McCabe testified that nothing unusual happened at Albert’s home — people were listening to music and talking, she said — though her account has drawn scrutiny from the defense. Jackson pointed to text messages from McCabe to her sister, who is married to Brian Albert, and suggested that they may have coordinated their account of Jan. 29 with others in an effort to do “damage control” and cover up O’Keefe’s death. McCabe denied those allegations.

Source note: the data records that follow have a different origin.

Lemma return_words_common_suffix : phi false <> phi true ->
  exists s (u : bool -> seq A), [/\ forall b, phi b = u b ++ s,
    forall b, u b != [::] & forall d, last d (u false) != last d (u true)].
Proof.
move=> neq; have [s [u1 [u2 [e1 e2 h]]]] := split_common_suffix (phi false) (phi true).
pose u b := if b then u2 else u1.
have ephi b : phi b = u b ++ s by case: b.
have hu b : u b != [::].
  apply/eqP => ub; have un : u (~~ b) = [::].
    by apply: (@return_word_suffix_eq b (~~ b)); rewrite !ephi ub.
  have e : phi b = phi (~~ b) by rewrite !ephi ub un.
  by apply: neq; case: b {ub un} e => [/esym|].
exists s, u; split => //.
by case: h => [u10|[u20|//]]; [have := hu false | have := hu true]; rewrite /u ?u10 ?u20.
Qed.

End ReturnWords.

Section Rotation.
Variables (A : eqType) (phi u : bool -> seq A) (s : seq A).
Hypothesis phi_split : forall b, phi b = u b ++ s.
Hypothesis u_neq0 : forall b, u b != [::].

Let sigma b := s ++ u b.

Lemma rotation_neq0 b : sigma b != [::].
Proof. by rewrite /sigma -size_eq0 size_cat; have := u_neq0 b; rewrite -size_eq0; lia. Qed.

Lemma conjugate_rotation : conjugate phi sigma.
Proof.
exists s; right => b; rewrite phi_split suffix_suffix; split => //.
by rewrite /sigma size_cat addnK take_size_cat.
Qed.

Lemma morph_word_rotation ys : morph_word sigma ys ++ s = s ++ morph_word phi ys.
Proof.
elim: ys => [|y ys IH]; first by rewrite cats0.
by rewrite /morph_word /= -catA IH phi_split -!catA.
Qed.

Lemma size_morph_word_rotation ys :
  size (morph_word sigma ys) = size (morph_word phi ys).
Proof. by have := congr1 size (morph_word_rotation ys); rewrite !size_cat; lia. Qed.

Lemma rotation_standard_P p :
  palindrome p -> (forall b, palindrome (phi b ++ p)) ->
  standard_P_wrt (s ++ p ++ rev s) sigma.
Proof.
move=> /eqP p_pal phip_pal.
have r_pal : palindrome (s ++ p ++ rev s) by rewrite /palindrome !rev_cat revK p_pal catA.
split => // b; apply: palindrome_cat_standard (rotation_neq0 b) => //.
have /eqP phib_pal := phip_pal b.
have -> : sigma b ++ s ++ p ++ rev s = s ++ (phi b ++ p) ++ rev s.
  by rewrite /sigma phi_split -!catA.
by rewrite /palindrome rev_cat rev_cat revK phib_pal -!catA.
Qed.

Lemma rotation_special p :
  (forall d, last d (u false) != last d (u true)) ->
  (forall b, occurs_at p (phi b ++ p) 0) ->
  (forall b j, occurs_at p (phi b ++ p) j -> j = 0 \/ j = size (phi b)) ->
  special_wrt (s ++ p ++ rev s) sigma.
Proof.
move=> u_last p_prefix p_returns.
have phi_neq0 b : phi b != [::].
  by rewrite phi_split -size_eq0 size_cat; have := u_neq0 b; rewrite -size_eq0; lia.
split; first exact: rotation_neq0.
split.
  by move=> [] [] // _ d; rewrite /sigma !last_cat // eq_sym.
move=> x ys i.
have -> : sigma x ++ s ++ p ++ rev s = s ++ (phi x ++ p) ++ rev s.
  by rewrite /sigma phi_split -!catA.
have -> : morph_word sigma ys ++ s ++ p ++ rev s =
          s ++ (morph_word phi ys ++ p) ++ rev s.
  by rewrite catA morph_word_rotation -!catA.
move=> /occurs_at_frame /(morph_word_sync phi_neq0 p_prefix p_returns) [m hm [ei ex]].
exists m => //; split; first by rewrite size_morph_word_rotation.
by move: ex; rewrite /sigma !phi_split => /catIs ->.
Qed.

End Rotation.

Theorem lemma6p4 (A : eqType) (phi : bool -> seq A) :
  P_ret phi ->
  exists sigma : bool -> seq A, conjugate phi sigma /\ standard_special_P sigma.
Proof.
move=> [p [p_pal [phip_pal [p_occ phi_neq]]]].
have phi_neq0 b : phi b != [::] by case: (p_occ b) => /num_occ2_nonempty.
have p_prefix b : occurs_at p (phi b ++ p) 0 by case: (p_occ b).
have p_returns b j : occurs_at p (phi b ++ p) j -> j = 0 \/ j = size (phi b).
  by case: (p_occ b) => h2 h0 hb; apply: num_occ2_positions.
have [s [u [phi_split u_neq0 u_last]]] :=
  return_words_common_suffix phi_neq0 p_prefix p_returns phi_neq.
exists (fun b => s ++ u b); split; first exact: conjugate_rotation.
exists (s ++ p ++ rev s); split; first exact: rotation_standard_P.
exact: rotation_special.
Qed.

Jackson also questioned McCabe about comments she attributed to Read. After they arrived at Albert’s house and found O’Keefe, she said she heard Read repeatedly tell a first responder “I hit him.” And she testified that Read asked her to search Google for how long it takes to die in the cold.
Jackson pointed out that McCabe did not mention the incriminating statement when she testified before a grand jury or spoke to investigators in the aftermath of O’Keefe’s death.
Instead, Jackson said, she recounted a question Read posed to her over the phone before they began searching for O’Keefe — “Could I have hit him?” The defense also said an extraction of McCabe’s phone showed her Google search was done at 2:27 a.m., hours before O’Keefe was found.
Whiffin, who reviewed the extraction, testified that the search was done at 6:23 a.m., not 2:27 a.m. And McCabe testified that she was certain of what Read told the first responder.
“I went out to help her look for John and then we found one of my closest friends on the front lawn,” she said during an emotional exchange. “Every police officer I spoke to, I tried to answer their questions the best I could. It took me hours, and, in some cases, days to remember all the things that Ms. Read had said. I was in a state of shock.”